Coronary artery disease (CAD) is emerging as the biggest killer of the 21st century. A number of theories have been postulated to explain the aetiology of atherosclerosis. The present study attempts to elucidate the interaction, if any, between inflammation, oxidative stress and dyslipidaemia in CAD.


A total of 753 patients undergoing angiography were evaluated and 476 were included in the study. The parameters studied included complete lipid profile, and apolipoprotein B, ferritin and nitric oxide (NO) levels. Statistical analysis was carried out to determine the interrelationship between these parameters and the best predictor of CAD risk. Cut-off points were determined from the receiver operating characteristics curves, and the specificity, sensitivity, positive predictive value, negative predictive value, odds ratio and confidence intervals were calculated.

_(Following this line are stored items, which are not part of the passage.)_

(* Let $c\in\mathbb{N}$. There exists a strategy $\sigma_0$ of player $0$ that is a solution to the NCNS problem with threshold $c$ (i.e., every $\sigma_0$-fixed NE $\sigma$ satisfies $\mathrm{cost}_0(\mathrm{out}(\sigma))\le c$) if and only if there exists a $c$-witness.
   Context: Reachability game with one-player environment: a finite set $V$ of vertices, edges $E\subseteq V\times V$ (each vertex has a successor), initial vertex $v_0$, two players $0$ and $1$ owning a partition $V_0\uplus V_1$ of $V$, weight functions $w_0,w_1:E\to\mathbb{N}$ and target sets $T_0,T_1\subseteq V$. For a play (infinite path) $\pi$, $\mathrm{cost}_i(\pi)$ is the sum of $w_i$ over the edges of the shortest prefix of $\pi$ ending in $T_i$, and $+\infty$ if none. A strategy of player $i$ maps each finite path ending in $V_i$ to a successor of its last vertex. Given $\sigma_0$, a profile $(\sigma_0,\sigma_1)$ is a $\sigma_0$-fixed NE if for every strategy $\tau_1$ of player $1$, $\mathrm{cost}_1(\mathrm{out}(\sigma_0,\sigma_1))\le\mathrm{cost}_1(\mathrm{out}(\sigma_0,\tau_1))$, where $\mathrm{out}$ is the outcome play from $v_0$. A deviation of a play $\pi$ is a finite path $hv$ ($v\in V$) such that $h$ is a nonempty prefix of $\pi$ but $hv$ is not. A $c$-witness is a play $\pi$ from $v_0$ such that $\mathrm{cost}_0(\pi)\le c$ and, with $d=\mathrm{cost}_1(\pi)$, for every deviation $hv$ of $\pi$, player $0$ has a strategy from $v$ in the two-player zero-sum game (player $0$ against player $1$) such that every play $\pi'$ starting at $v$ consistent with it satisfies $\mathrm{cost}_0(h\pi')\le c$ or $\mathrm{cost}_1(h\pi')>d$.
   Formalization: In a c-witness the condition on deviations hv applies only when the last vertex of h belongs to player 1, so deviations from vertices of $V_0$ impose no condition. The statement above fails without it. *)

From mathcomp Require Import all_boot.
From Stdlib Require Import ClassicalEpsilon.
Set Implicit Arguments. Unset Strict Implicit. Unset Printing Implicit Defensive.

Record game (V : finType) := Game {
  E : rel V;
  succ_ex : forall v, exists v', E v v';
  v0 : V;
  V1 : {set V};                           (* vertices of player 1; V_0 = ~: V1 *)
  w0 : V -> V -> nat;                     (* weights of player 0 (used on edges only) *)
  w1 : V -> V -> nat;
  T0 : {set V};
  T1 : {set V}
}.

Section Game.
Variables (V : finType) (G : game V).

(* Costs live in option nat: None = +infinity. *)
Definition ole (a b : option nat) : bool :=
  match a, b with
  | _, None => true
  | None, Some _ => false
  | Some x, Some y => x <= y
  end.
Definition olt (a b : option nat) : bool := ~~ ole b a.

Definition play (p : nat -> V) : Prop := forall n, E G (p n) (p n.+1).

Definition prefix (p : nat -> V) (n : nat) : seq V := [seq p i | i <- iota 0 n.+1].

Definition cost (w : V -> V -> nat) (T : {set V}) (p : nat -> V) : option nat :=
  match excluded_middle_informative (exists n, (fun n => p n \in T) n) with
  | left H => Some (\sum_(i < ex_minn H) w (p i) (p i.+1))
  | right _ => None
  end.

Definition cost0 := cost (w0 G) (T0 G).
Definition cost1 := cost (w1 G) (T1 G).

(* strategies: functions from finite paths to vertices; [i = false] is player 0,
   [i = true] is player 1 *)
Definition strat := seq V -> V.
Definition owns (i : bool) (v : V) : bool := (v \in V1 G) == i.

Definition valid_strat (i : bool) (s : strat) : Prop :=
  forall (x : V) (h : seq V), path (E G) x h -> owns i (last x h) ->
    E G (last x h) (s (x :: h)).

Fixpoint outp (s0 s1 : strat) (n : nat) : seq V :=
  match n with
  | 0 => [:: v0 G]
  | n'.+1 => let h := outp s0 s1 n' in
             rcons h (if last (v0 G) h \in V1 G then s1 h else s0 h)
  end.
Definition out (s0 s1 : strat) : nat -> V := fun n => last (v0 G) (outp s0 s1 n).

Definition fixed_NE (s0 s1 : strat) : Prop :=
  valid_strat true s1 /\
  forall t1, valid_strat true t1 -> ole (cost1 (out s0 s1)) (cost1 (out s0 t1)).

Definition NCNS_solution (c : nat) (s0 : strat) : Prop :=
  valid_strat false s0 /\
  forall s1, fixed_NE s0 s1 -> ole (cost0 (out s0 s1)) (Some c).

Definition consistent0 (s : strat) (v : V) (p : nat -> V) : Prop :=
  p 0 = v /\ play p /\ forall n, owns false (p n) -> p n.+1 = s (prefix p n).

Definition catp (h : seq V) (p : nat -> V) : nat -> V :=
  fun n => if n < size h then nth (v0 G) h n else p (n - size h).

Definition witness (c : nat) (p : nat -> V) : Prop :=
  play p /\ p 0 = v0 G /\ ole (cost0 p) (Some c) /\
  forall (n : nat) (v : V),
    p n \in V1 G -> E G (p n) v -> v != p n.+1 ->
    exists t, valid_strat false t /\
      forall p', consistent0 t v p' ->
        ole (cost0 (catp (prefix p n) p')) (Some c)
        || olt (cost1 p) (cost1 (catp (prefix p n) p')).

End Game.

From mathcomp Require Import all_boot.
(* Imported after all_boot so that [prefix] denotes Defs.prefix, not seq's. *)
From Pilot Require Import Defs.
From mathcomp Require Import zify.
From Stdlib Require Import ClassicalEpsilon FunctionalExtensionality.
Set Implicit Arguments. Unset Strict Implicit. Unset Printing Implicit Defensive.

(* Costs are well ordered, so against any sigma0 player 1 has a best response:
   sigma0-fixed NEs exist.  Moreover every play consistent with sigma0 is the
   outcome of sigma0 against a player-1 strategy that follows it.
   If sigma0 solves the NCNS problem, the outcome rho of a sigma0-fixed NE is a
   c-witness: after a deviation hv player 0 keeps playing sigma0 (with history h);
   a resulting play is consistent with sigma0, so if it were not more costly than
   rho for player 1, following it would again be a sigma0-fixed NE, whose cost for
   player 0 is at most c.
   Conversely, given a c-witness rho, player 0 follows rho and, after the first
   deviation hv from rho, plays the strategy that the witness provides for hv.
   The outcome of a sigma0-fixed NE is either rho, or leaves rho first at a
   player-1 vertex and is then consistent with that strategy; as following rho is
   an option for player 1, the outcome costs player 1 at most cost1 rho, hence
   player 0 at most c. *)

Section NCNS.
Variables (V : finType) (G : game V).

Lemma size_prefix (f : nat -> V) n : size (prefix f n) = n.+1.
Proof. by rewrite size_map size_iota. Qed.

Lemma nth_prefix x (f : nat -> V) n i : i <= n -> nth x (prefix f n) i = f i.
Proof. by move=> le_in; rewrite (nth_map 0) ?size_iota // nth_iota. Qed.

Lemma prefixS (f : nat -> V) n : prefix f n.+1 = rcons (prefix f n) (f n.+1).
Proof. by rewrite /prefix -addn1 iotaD map_cat cats1. Qed.

Lemma last_prefix x (f : nat -> V) n : last x (prefix f n) = f n.
Proof. by case: n => [|n] //; rewrite prefixS last_rcons. Qed.

Lemma eq_prefix (f g : nat -> V) n :
  (forall i, i <= n -> f i = g i) -> prefix f n = prefix g n.
Proof. by move=> efg; apply/eq_in_map => i; rewrite mem_iota => /andP[_ /efg]. Qed.

Lemma prefix_path (f : nat -> V) n :
  (forall k, k < n -> E G (f k) (f k.+1)) -> path (E G) (f 0) (behead (prefix f n)).
Proof.
elim: n => [//|n IHn] f_edges.
have -> : behead (prefix f n.+1) = rcons (behead (prefix f n)) (f n.+1) by rewrite prefixS.
rewrite rcons_path IHn => [|k lt_kn]; last exact/f_edges/ltnW.
by rewrite -[last _ _]/(last (f 0) (prefix f n)) last_prefix f_edges.
Qed.

Lemma valid_strat_prefix i s (f : nat -> V) n :
  valid_strat G i s -> (forall k, k < n -> E G (f k) (f k.+1)) -> owns G i (f n) ->
  E G (f n) (s (prefix f n)).
Proof.
move=> s_valid f_edges own_n.
have := s_valid _ _ (prefix_path f_edges).
by rewrite -[last _ _]/(last (f 0) (prefix f n)) last_prefix; apply.
Qed.

Lemma outE s0 s1 n :
  out G s0 s1 n.+1 = if out G s0 s1 n \in V1 G then s1 (prefix (out G s0 s1) n)
                     else s0 (prefix (out G s0 s1) n).
Proof.
have outp_prefix k : outp G s0 s1 k = prefix (out G s0 s1) k.
  by elim: k => [//|k IHk]; rewrite prefixS -IHk /= [out _ _ _ k.+1]/out /= last_rcons.
by rewrite -outp_prefix {1}/out /= last_rcons.
Qed.

Lemma out_consistent0 s0 s1 :
  valid_strat G false s0 -> valid_strat G true s1 -> consistent0 G s0 (v0 G) (out G s0 s1).
Proof.
move=> s0_valid s1_valid; split=> //; split=> [|k]; last first.
  by rewrite outE /owns; case: (_ \in _).
suff out_edges n k : k < n -> E G (out G s0 s1 k) (out G s0 s1 k.+1).
  by move=> k; apply: (out_edges k.+1).
elim: n k => [//|n IHn] k; rewrite ltnS leq_eqVlt => /predU1P[->|]; last exact: IHn.
rewrite outE; case: ifPn => own_n.
  by apply: valid_strat_prefix s1_valid IHn _; rewrite /owns own_n.
by apply: valid_strat_prefix s0_valid IHn _; rewrite /owns (negbTE own_n).
Qed.

Lemma out_unique s0 s1 (q : nat -> V) :
  q 0 = v0 G ->
  (forall k, q k.+1 = if q k \in V1 G then s1 (prefix q k) else s0 (prefix q k)) ->
  out G s0 s1 = q.
Proof.
move=> q0 q_step; apply: functional_extensionality => k.
suff out_q n i : i <= n -> out G s0 s1 i = q i by exact: (out_q k).
elim: n i => [|n IHn] i; first by rewrite leqn0 => /eqP->.
rewrite leq_eqVlt => /predU1P[->|]; last exact: IHn.
by rewrite outE q_step IHn // (eq_prefix IHn).
Qed.

Definition succ_of (v : V) : V := xchoose (succ_ex G v).

Lemma succ_ofP v : E G v (succ_of v).
Proof. exact: xchooseP. Qed.

Definition move_any : strat V := fun l => succ_of (last (v0 G) l).

Lemma move_any_valid i : valid_strat G i move_any.
Proof. by move=> x h _ _; apply: succ_ofP. Qed.

Definition follow (q : nat -> V) (s : strat V) : strat V :=
  fun l => if l == prefix q (size l).-1 then q (size l) else s l.

Lemma follow_prefix q s n : follow q s (prefix q n) = q n.+1.
Proof. by rewrite /follow size_prefix eqxx. Qed.

Lemma follow_valid i q s : play G q -> valid_strat G i s -> valid_strat G i (follow q s).
Proof.
move=> q_play s_valid x h xh_path own; rewrite /follow.
case: eqP => [xh_pre|_]; last exact: s_valid.
by rewrite -[last x h]/(last x (x :: h)) {1}xh_pre last_prefix.
Qed.

Lemma out_follow s0 s1 q : consistent0 G s0 (v0 G) q -> out G s0 (follow q s1) = q.
Proof.
move=> [q0 [_ q_s0]]; apply: out_unique => // k.
case: ifPn => [_|own_k]; first by rewrite follow_prefix.
by rewrite q_s0 // /owns (negbTE own_k).
Qed.

Lemma catp_prefix_le (p r : nat -> V) n k : k <= n -> catp G (prefix p n) r k = p k.
Proof. by move=> le_kn; rewrite /catp size_prefix ltnS le_kn nth_prefix. Qed.

Lemma catp_prefix_addn (p r : nat -> V) n j : catp G (prefix p n) r (n.+1 + j) = r j.
Proof. by rewrite /catp size_prefix ltnNge leq_addr addKn. Qed.

Lemma prefix_catp (p r : nat -> V) n j :
  prefix (catp G (prefix p n) r) (n.+1 + j) = prefix p n ++ prefix r j.
Proof.
elim: j => [|j IHj].
  rewrite addn0 prefixS (eq_prefix (g := p)) => [|i]; last exact: catp_prefix_le.
  by rewrite cats1 -[n.+1]addn0 catp_prefix_addn.
by rewrite addnS prefixS IHj -addnS catp_prefix_addn (prefixS r) rcons_cat.
Qed.

Lemma catp_prefix_shift (p q : nat -> V) n :
  (forall i, i <= n -> q i = p i) -> catp G (prefix p n) (fun j => q (n.+1 + j)) = q.
Proof.
move=> eq_qp; apply: functional_extensionality => k.
have [le_kn|/subnKC <-] := leqP k n; first by rewrite catp_prefix_le ?eq_qp.
by rewrite catp_prefix_addn.
Qed.

Lemma play_catp (p r : nat -> V) n :
  play G p -> E G (p n) (r 0) -> play G r -> play G (catp G (prefix p n) r).
Proof.
move=> p_play edge_n r_play k; case: (ltngtP k n) => [lt_kn|/subnKC <-|->].
- by rewrite !catp_prefix_le ?(ltnW lt_kn).
- by rewrite -addnS !catp_prefix_addn.
- by rewrite catp_prefix_le // -[n.+1]addn0 catp_prefix_addn.
Qed.

Definition shift (h : seq V) (s : strat V) : strat V :=
  fun l => if E G (last (v0 G) h) (head (v0 G) l) then s (h ++ l) else move_any l.

Lemma shift_valid i x h s :
  path (E G) x h -> valid_strat G i s -> valid_strat G i (shift (x :: h) s).
Proof.
move=> xh_path s_valid y l yl_path own; rewrite /shift /=.
case: ifP => [edge_y|_]; last exact: succ_ofP.
have := s_valid x (h ++ y :: l); rewrite cat_path last_cat /= xh_path edge_y yl_path.
by apply.
Qed.

Lemma consistent0_catp s0 (p r : nat -> V) n v :
  consistent0 G s0 (v0 G) p -> p n \in V1 G -> E G (p n) v ->
  consistent0 G (shift (prefix p n) s0) v r ->
  consistent0 G s0 (v0 G) (catp G (prefix p n) r).
Proof.
move=> [p0 [p_play p_s0]] own_n edge_n [r0 [r_play r_s]].
split; first by rewrite catp_prefix_le.
split; first by apply: play_catp; rewrite ?r0.
move=> k; case: (ltngtP k n) => [lt_kn|/subnKC <-|->].
- rewrite !catp_prefix_le ?(ltnW lt_kn) // => /p_s0 ->.
  congr s0; apply: eq_prefix => i le_ik.
  by rewrite catp_prefix_le ?(leq_trans le_ik (ltnW lt_kn)).
- rewrite -addnS !catp_prefix_addn prefix_catp => /r_s ->.
  by rewrite /shift last_prefix -[head _ _]/(r 0) r0 edge_n.
- by rewrite catp_prefix_le // /owns own_n.
Qed.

The levels of the parameters studied increased with the stenotic state and a positive correlation was observed between ferritin, NO and apolipoprotein B. NO emerged as the most reliable predictor of CAD, with an area under the curve of 0.992 and sensitivity and specificity of 97 and 98%, respectively.


Environmental and genetic risk factors for CAD interact in a highly complex manner to initiate the atherosclerotic process. These risk factors should be considered mutually inclusive, not exclusive when devising pharmacological interventions, as multi-factorial risk management is the cornerstone of CAD management.